Sind nukleare Sprengköpfe die Rettung?

Doch: Die Menschheit hat Möglichkeiten, Asteroiden abzuwehren. In der Veröffentlichung werden verschiedene Optionen vorgestellt, etwa die sogenannte »PI-Methode« – PI wie für den englischen Ausdruck »Pulverize It«. Dabei könnten nukleare Sprengsätze den Asteroiden in Fragmente zerlegen, ihn also »pulverisieren«. Die Einzelteile sollten die Erde dann entweder verfehlen, oder so klein sein, dass sie in der Atmosphäre verglühen. Das sei bei Asteroiden mit einem Durchmesser von weniger als einem Kilometer bereits der Fall. Radioaktive Fragmente, die auf die Erde treffen, sollten dabei kein großes Problem darstellen.

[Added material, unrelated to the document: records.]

(* Let $\mathcal{A}\subseteq\mathcal{B}$ be sub-$\sigma$-algebras of a complete probability space $(\Omega,\mathcal{F},P)$. Let $x:L_\infty(\mathcal{B})\to L_\infty(\mathcal{A})$ be a linear operator such that \[x(X)\le M(Y)\qquad\text{for all } X\in L_\infty(\mathcal{B}),\ Y\in L^+_\infty(\mathcal{B}) \text{ with } X\le Y,\] for some sublinear operator $M:L^+_\infty(\mathcal{B})\to L^+_\infty(\mathcal{A})$. Then $x$ is monotone. Moreover: (i) if $M$ is weak $\mathcal{A}$-homogeneous, then $x$ is weak $\mathcal{A}$-homogeneous; (ii) if $M$ is regular, then $x$ is continuous from above.
   Context: All (in)equalities hold $P$-a.s. Sublinear: $M(X+Y)\le M(X)+M(Y)$, $M(\lambda X)=\lambda M(X)$ for real $\lambda\ge0$. Weak $\mathcal{A}$-homogeneous: $T(1_AX)=1_AT(X)$ for every $A\in\mathcal{A}$ and every $X$ in the domain of the operator $T$. Regular: for every nonincreasing sequence $X_n\downarrow0$ $P$-a.s., $M(X_n)\to0$ $P$-a.s. Continuous from above: for every nonincreasing sequence $X_n$ with $P$-a.s. limit $X$, $x(X_n)\downarrow x(X)$ $P$-a.s. *)

From HB Require Import structures.
From mathcomp Require Import all_boot all_order all_algebra.
From mathcomp Require Import all_classical all_reals all_analysis.
Set Implicit Arguments. Unset Strict Implicit. Unset Printing Implicit Defensive.
Import Order.TTheory GRing.Theory Num.Theory.
Import numFieldTopology.Exports numFieldNormedType.Exports.
Local Open Scope classical_set_scope.
Local Open Scope ring_scope.

Section Defs.
Context d (T : measurableType d) (R : realType) (P : probability T R).

Definition sub_sigma (G : set (set T)) : Prop :=
  sigma_algebra setT G /\ G `<=` measurable.

Definition Gmeasurable (G : set (set T)) (f : T -> R) : Prop :=
  forall U : set R, measurable U -> G (f @^-1` U).

(* representatives of elements of L_infty(G) : bounded G-measurable functions *)
Definition Linf (G : set (set T)) (f : T -> R) : Prop :=
  Gmeasurable G f /\ exists c : R, forall w, `|f w| <= c.

Definition Linfp (G : set (set T)) (f : T -> R) : Prop :=
  Linf G f /\ {ae P, forall w, 0 <= f w}.

Definition aseq (f g : T -> R) : Prop := {ae P, forall w, f w = g w}.
Definition asle (f g : T -> R) : Prop := {ae P, forall w, f w <= g w}.

(* An operator from L_infty-classes over dom to L_infty-classes over codomain
   Linf A, given on representatives and respecting P-a.s. equality. *)
Definition well_def_op (dom cod : (T -> R) -> Prop) (F : (T -> R) -> (T -> R)) :=
  (forall X, dom X -> cod (F X)) /\
  (forall X Y, dom X -> dom Y -> aseq X Y -> aseq (F X) (F Y)).

Definition linear_op (dom : (T -> R) -> Prop) (F : (T -> R) -> (T -> R)) :=
  (forall X Y, dom X -> dom Y -> aseq (F (X \+ Y)) (F X \+ F Y)) /\
  (forall (c : R) X, dom X -> aseq (F (fun w => c * X w)) (fun w => c * F X w)).

Definition sublinear_op (dom : (T -> R) -> Prop) (F : (T -> R) -> (T -> R)) :=
  (forall X Y, dom X -> dom Y -> asle (F (X \+ Y)) (F X \+ F Y)) /\
  (forall (c : R) X, 0 <= c -> dom X ->
     aseq (F (fun w => c * X w)) (fun w => c * F X w)).

Definition monotone_op (dom : (T -> R) -> Prop) (F : (T -> R) -> (T -> R)) :=
  forall X Y, dom X -> dom Y -> asle X Y -> asle (F X) (F Y).

Definition weak_homogeneous (A : set (set T)) (dom : (T -> R) -> Prop)
    (F : (T -> R) -> (T -> R)) :=
  forall S X, A S -> dom X ->
    aseq (F (fun w => \1_S w * X w)) (fun w => \1_S w * F X w).

Definition regular_op (dom : (T -> R) -> Prop) (F : (T -> R) -> (T -> R)) :=
  forall X : nat -> T -> R, (forall n, dom (X n)) ->
    {ae P, forall w, (forall n, X n.+1 w <= X n w) /\ (fun n => X n w) @ \oo --> (0 : R)} ->
    {ae P, forall w, (fun n => F (X n) w) @ \oo --> (0 : R)}.

Definition cont_above_op (dom : (T -> R) -> Prop) (F : (T -> R) -> (T -> R)) :=
  forall (X : nat -> T -> R) (Xl : T -> R), (forall n, dom (X n)) -> dom Xl ->
    {ae P, forall w, (forall n, X n.+1 w <= X n w) /\ (fun n => X n w) @ \oo --> (Xl w : R)} ->
    {ae P, forall w, (forall n, F (X n.+1) w <= F (X n) w) /\
                     (fun n => F (X n) w) @ \oo --> (F Xl w : R)}.
End Defs.

From HB Require Import structures.
From mathcomp Require Import all_boot all_order all_algebra.
From mathcomp Require Import all_classical all_reals all_analysis.
From mathcomp Require Import measurable_realfun.
Set Implicit Arguments. Unset Strict Implicit. Unset Printing Implicit Defensive.
Import Order.TTheory GRing.Theory Num.Theory.
Import numFieldTopology.Exports numFieldNormedType.Exports.
Local Open Scope classical_set_scope.
Local Open Scope ring_scope.

(* If X <= Y then x X - x Y = x (X - Y) <= M 0 = 0, so x is monotone.  If M is
   A-homogeneous and |Z| <= 1_S c, then +-x Z <= M (1_S c) = 1_S M c, so x Z
   vanishes off S; splitting X = 1_S X + 1_(~S) X gives the A-homogeneity of x.
   If M is regular and X_n decreases to X, then
   0 <= x X_n - x X = x (X_n - X) <= M (X_n - X) --> 0. *)

Section Linf_closure.
Context d (T : measurableType d) (R : realType) (B : set (set T)).
Hypothesis sigmaB : sigma_algebra setT B.

Let measurable_gB : (measurable : set (set (g_sigma_algebraType B))) = B.
Proof. by rewrite /measurable /= sigma_algebra_id. Qed.

(* [g_sigma_algebraType B] carries exactly the sigma-algebra [B], which gives
   access to the library's closure lemmas for measurable functions. *)
Lemma GmeasurableP (f : T -> R) :
  Gmeasurable B f <-> measurable_fun (setT : set (g_sigma_algebraType B)) f.
Proof.
split=> [Bf _ U mU | mf U mU]; first by rewrite setTI measurable_gB; exact: Bf.
by have := mf measurableT U mU; rewrite setTI measurable_gB.
Qed.

Lemma Linf_cst (c : R) : Linf B (cst c).
Proof. by split; [apply/GmeasurableP; exact: measurable_cst | exists `|c|]. Qed.

Lemma Linf_add (f g : T -> R) : Linf B f -> Linf B g -> Linf B (f \+ g).
Proof.
move=> [/GmeasurableP mf [cf bf]] [/GmeasurableP mg [cg bg]].
split; first exact/GmeasurableP/measurable_funD.
by exists (cf + cg) => w; rewrite (le_trans (ler_normD _ _)) ?lerD.
Qed.

Lemma Linf_scale (c : R) (f : T -> R) : Linf B f -> Linf B (fun w => c * f w).
Proof.
move=> [/GmeasurableP mf [cf bf]].
split; first exact/GmeasurableP/measurable_funM.
by exists (`|c| * cf) => w; rewrite normrM ler_wpM2l.
Qed.

Lemma Linf_indic (S : set T) (f : T -> R) :
  B S -> Linf B f -> Linf B (fun w => \1_S w * f w).
Proof.
move=> BS [/GmeasurableP mf [cf bf]]; split.
  apply/GmeasurableP/measurable_funM => //.
  by apply: measurable_indic; rewrite measurable_gB.
exists cf => w; rewrite indicE; case: (w \in S); rewrite ?mul1r ?mul0r //.
by rewrite normr0 (le_trans _ (bf w)).
Qed.

Lemma Linf_sub (f g : T -> R) : Linf B f -> Linf B g -> Linf B (f \- g).
Proof.
move=> Lf Lg; have := Linf_add Lf (Linf_scale (-1) Lg).
by congr Linf; apply/funext => w /=; rewrite mulN1r.
Qed.

End Linf_closure.

Lemma Linfp_nonneg d (T : measurableType d) (R : realType) (P : probability T R)
    (B : set (set T)) (f : T -> R) :
  Linf B f -> (forall w, 0 <= f w) -> Linfp P B f.
Proof. by move=> Lf f_ge0; split => //; exact: aeW. Qed.

Section ae_operators.
Context d (T : measurableType d) (R : realType) (P : probability T R).
Variables (dom : (T -> R) -> Prop) (F : (T -> R) -> (T -> R)).

Lemma sublinear_op_cst0 : sublinear_op P dom F -> dom (cst 0) ->
  aseq P (F (cst 0)) (cst 0).
Proof.
move=> [_ F_homo] dom0; have := F_homo 0 (cst 0) (lexx _) dom0.
have -> : (fun w => 0 * cst 0 w) = cst 0 :> (T -> R).
  by apply/funext => w; rewrite mul0r.
by apply: filterS => w ->; rewrite mul0r.
Qed.

Hypothesis F_linear : linear_op P dom F.

Lemma linear_op_cst0 : dom (cst 0) -> aseq P (F (cst 0)) (cst 0).
Proof.
move=> dom0; have := F_linear.2 0 (cst 0) dom0.
have -> : (fun w => 0 * cst 0 w) = cst 0 :> (T -> R).
  by apply/funext => w; rewrite mul0r.
by apply: filterS => w ->; rewrite mul0r.
Qed.

Lemma linear_op_opp (X : T -> R) : dom X ->
  aseq P (F (fun w => -1 * X w)) (fun w => - F X w).
Proof. by move=> domX; apply: filterS (F_linear.2 (-1) _ domX) => w ->; rewrite mulN1r. Qed.

Lemma linear_op_sub (X Y : T -> R) : dom X -> dom Y -> dom (fun w => -1 * Y w) ->
  aseq P (F (X \- Y)) (F X \- F Y).
Proof.
move=> domX domY domNY.
have -> : X \- Y = X \+ (fun w => -1 * Y w) by apply/funext => w; rewrite /= mulN1r.
by apply: filterS2 (F_linear.1 _ _ domX domNY) (linear_op_opp domY) => w /= -> ->.
Qed.

End ae_operators.

Section dominated_linear_operator.
Context d (T : measurableType d) (R : realType) (P : probability T R).
Variables (B : set (set T)) (x M : (T -> R) -> (T -> R)).
Hypotheses (sigmaB : sigma_algebra setT B)
  (x_linear : linear_op P (Linf B) x)
  (M_sublinear : sublinear_op P (Linfp P B) M)
  (x_le_M : forall X Y, Linf B X -> Linfp P B Y -> asle P X Y -> asle P (x X) (M Y)).

Let Linf0 : Linf B (cst 0 : T -> R) := Linf_cst sigmaB 0.
Let Linfp0 : Linfp P B (cst 0 : T -> R) := Linfp_nonneg P Linf0 (fun=> lexx 0).

Let x_sub (X Y : T -> R) : Linf B X -> Linf B Y -> aseq P (x (X \- Y)) (x X \- x Y).
Proof. by move=> LX LY; apply: (linear_op_sub x_linear) => //; exact: Linf_scale. Qed.

Lemma dominated_monotone : monotone_op P (Linf B) x.
Proof.
move=> X Y LX LY XY.
have XY0 : asle P (X \- Y) (cst 0) by apply: filterS XY => w; rewrite /= subr_le0.
apply: filterS3 (x_le_M (Linf_sub sigmaB LX LY) Linfp0 XY0)
  (sublinear_op_cst0 M_sublinear Linfp0) (x_sub LX LY) => w xXY_le M0 /= xXY.
by rewrite -subr_le0 -xXY (le_trans xXY_le) ?M0.
Qed.

Lemma dominated_bounds (Y : T -> R) : Linfp P B Y ->
  {ae P, forall w, 0 <= x Y w <= M Y w}.
Proof.
move=> [LY Y_ge0].
apply: filterS3 (linear_op_cst0 x_linear Linf0)
  (dominated_monotone Linf0 LY Y_ge0) (x_le_M LY (conj LY Y_ge0) (aeW P (fun w => lexx _))).
by move=> w /= -> -> ->.
Qed.

Section weak_homogeneity.
Variable A : set (set T).
Hypotheses (sigmaA : sigma_algebra setT A) (AB : A `<=` B)
  (M_homogeneous : weak_homogeneous P A (Linfp P B) M).

Lemma dominated_vanishes_off (S : set T) (Z : T -> R) (c : R) :
  A S -> Linf B Z -> 0 <= c -> (forall w, `|Z w| <= \1_S w * c) ->
  aseq P (x Z) (fun w => \1_S w * x Z w).
Proof.
move=> AS LZ c_ge0 Z_le.
have LpSc : Linfp P B (fun w => \1_S w * cst c w).
  apply: Linfp_nonneg; first exact: Linf_indic (AB AS) (Linf_cst sigmaB c).
  by move=> w; rewrite indicE mulr_ge0.
have xZ_le := x_le_M LZ LpSc (aeW P (fun w => le_trans (ler_norm _) (Z_le w))).
have NZ_le : asle P (fun w => -1 * Z w) (fun w => \1_S w * cst c w).
  by apply: (aeW P) => w; rewrite mulN1r (le_trans _ (Z_le w)) // -normrN ler_norm.
have NxZ_le : asle P (fun w => - x Z w) (M (fun w => \1_S w * cst c w)).
  apply: filterS2 (x_le_M (Linf_scale sigmaB (-1) LZ) LpSc NZ_le)
    (linear_op_opp x_linear LZ) => w.
  by move=> + <-.
have MSc := M_homogeneous AS (Linfp_nonneg P (Linf_cst sigmaB c) (fun=> c_ge0)).
apply: filterS3 xZ_le NxZ_le MSc => w /= xZ_lew NxZ_lew MScw.
move: xZ_lew NxZ_lew; rewrite MScw indicE.
case: (w \in S) => /=; rewrite ?mul1r // !mul0r => xZ_le0.
by rewrite oppr_le0 => xZ_ge0; apply/le_anti/andP.
Qed.

Lemma dominated_weak_homogeneous : weak_homogeneous P A (Linf B) x.
Proof.
move=> S X AS LX; have [c X_le] := LX.2.
have AnS : A (~` S) by rewrite -setTD; case: sigmaA => _ + _; apply.
have indic_le S' w : `|\1_S' w * X w| <= \1_S' w * `|c|.
  rewrite normrM ger0_norm ?indicE // ler_wpM2l ?indicE //.
  exact: le_trans (X_le w) (ler_norm _).
have LSX := Linf_indic sigmaB (AB AS) LX.
have LnSX := Linf_indic sigmaB (AB AnS) LX.
have X_split : X = (fun w => \1_S w * X w) \+ (fun w => \1_(~` S) w * X w).
  apply/funext => w; rewrite /= !indicE in_setC.
  by case: (w \in S); rewrite /= ?mul1r ?mul0r ?addr0 ?add0r.
rewrite [in X in aseq _ _ X]X_split.
apply: filterS3 (dominated_vanishes_off AS LSX (normr_ge0 c) (indic_le S))
  (dominated_vanishes_off AnS LnSX (normr_ge0 c) (indic_le _))
  (x_linear.1 _ _ LSX LnSX) => w /= xS xnS ->.
rewrite mulrDr -xS xnS mulrA !indicE in_setC.
by case: (w \in S); rewrite /= ?mul1r ?mul0r ?addr0.
Qed.

End weak_homogeneity.

Lemma dominated_cont_above : regular_op P (Linfp P B) M -> cont_above_op P (Linf B) x.
Proof.
move=> M_regular X Xl LX LXl X_cvg.
pose Y n := X n \- Xl.
have Xl_le : {ae P, forall w n, Xl w <= X n w}.
  apply: filterS X_cvg => w [X_dec X_cvgw] n.
  rewrite -(cvg_lim _ X_cvgw) //; apply: nonincreasing_cvgn_ge.
    exact/nonincreasing_seqP.
  by apply/cvg_ex; exists (Xl w).
have LpY n : Linfp P B (Y n).
  split; first exact: Linf_sub.
  by apply: filterS Xl_le => w /(_ n); rewrite /= subr_ge0.
have Y_cvg0 : {ae P, forall w, (forall n, Y n.+1 w <= Y n w) /\
    (fun n => Y n w) @ \oo --> (0 : R)}.
  apply: filterS X_cvg => w [X_dec X_cvgw]; split => [n|]; first by rewrite lerD2r.
  by rewrite -(subrr (Xl w)); apply: cvgB => //; exact: cvg_cst.
have x_dec : {ae P, forall w n, x (X n.+1) w <= x (X n) w}.
  apply: ae_foralln => n; apply: dominated_monotone => //.
  by apply: filterS X_cvg => w [X_dec _].
have xY : {ae P, forall w n, x (X n) w = x (Y n) w + x Xl w /\ 0 <= x (Y n) w <= M (Y n) w}.
  apply: ae_foralln => n; apply: filterS2 (x_sub (LX n) LXl) (dominated_bounds (LpY n)).
  by move=> w /= -> ?; rewrite subrK.
apply: filterS3 x_dec xY (M_regular Y LpY Y_cvg0) => w x_decw xYw MY_cvg0.
split => //; have -> : (fun n => x (X n) w) = (fun n => x (Y n) w + x Xl w).
  by apply/funext => n; case: (xYw n).
rewrite -[X in _ --> X]add0r; apply: cvgD; last exact: cvg_cst.
apply: (squeeze_cvgr _ (cvg_cst 0) MY_cvg0).
by apply: nearW => n; case: (xYw n).
Qed.

End dominated_linear_operator.

Theorem proposition3p8 (d : measure_display) (T : measurableType d) (R : realType)
  (P : probability T R) (HP : measure_is_complete P)
  (A B : set (set T)) (HA : sub_sigma A) (HB : sub_sigma B) (HAB : A `<=` B)
  (x M : (T -> R) -> (T -> R))
  (Hx : well_def_op P (Linf B) (Linf A) x) (Hxlin : linear_op P (Linf B) x)
  (HM : well_def_op P (Linfp P B) (Linfp P A) M)
  (HMsub : sublinear_op P (Linfp P B) M)
  (HxM : forall X Y, Linf B X -> Linfp P B Y -> asle P X Y -> asle P (x X) (M Y)) :
  monotone_op P (Linf B) x /\
  (weak_homogeneous P A (Linfp P B) M -> weak_homogeneous P A (Linf B) x) /\
  (regular_op P (Linfp P B) M -> cont_above_op P (Linf B) x).
Proof.
split; first exact: dominated_monotone HB.1 Hxlin HMsub HxM.
split; first exact (dominated_weak_homogeneous HB.1 Hxlin HxM HA.1 HAB).
exact: dominated_cont_above HB.1 Hxlin HMsub HxM.
Qed.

Politisch, heißt es in dem Paper dazu weiter, wäre diese Lösung herausfordernd. Denn die Sprengkapseln müssten vor dem Einsatz getestet werden. Derartige Tests seien derzeit aber durch den Vertrag über das Verbot von Atomtests verboten. Im Falle einer realistischen, existenziellen Bedrohung ließe sich dazu jedoch hoffentlich eine Lösung finden, schreiben die Autoren der Analyse.

Und die Menschheit bereitet sich ja tatsächlich auf derartige Eventualitäten vor. Raumfahrtagenturen verschiedener Länder und Staatengemeinschaften betreiben Abteilungen zur planetaren Verteidigung. Fachleute forschen seit Jahren an Möglichkeiten, Einschläge vorherzusagen und abzuwenden. Das Büro der Vereinten Nationen für Weltraumangelegenheiten etwa veranstaltet jährlich eine Konferenz, auf der Expertinnen und Experten Szenarien zur Schadensbegrenzung, rechtliche Fragen und die Art der Kommunikation erörtern. Und sechs Monate, das steht so auch in der Veröffentlichung, böten genug Zeit, Maßnahmen umzusetzen.

Für den Notfall: Bunker im Meer

Was, wenn aber doch alle Bemühungen scheiterten? Auch dieser Fall bedeutet der Analyse zufolge nicht unweigerlich das Ende allen menschlichen Lebens auf unserem Planeten. Die Menschheit könne sich etwa in unterirdischen oder unterseeischen Bunkern retten. »Die Aufnahme von Leben unter Wasser oder im Untergrund wäre eine kluge, auf Zivilschutz basierende Strategie, um das Überleben der Menschen und anderer Spezies zu sichern.«

Das Echo auf die vergleichsweise optimistische Haltung, die aus der Analyse hervorgeht, ist einem Bericht  der britischen Zeitung »The Guardian« zufolge geteilt. So habe etwa Mark McCaughrean, ein leitender Berater für Wissenschaft und Exploration bei der Europäischen Weltraumorganisation, gesagt: Die Arbeit beantworte technische Fragen, gehe aber »völlig am Thema des Films vorbei, nämlich dass der Rat von Wissenschaftlern routinemäßig ignoriert wird«.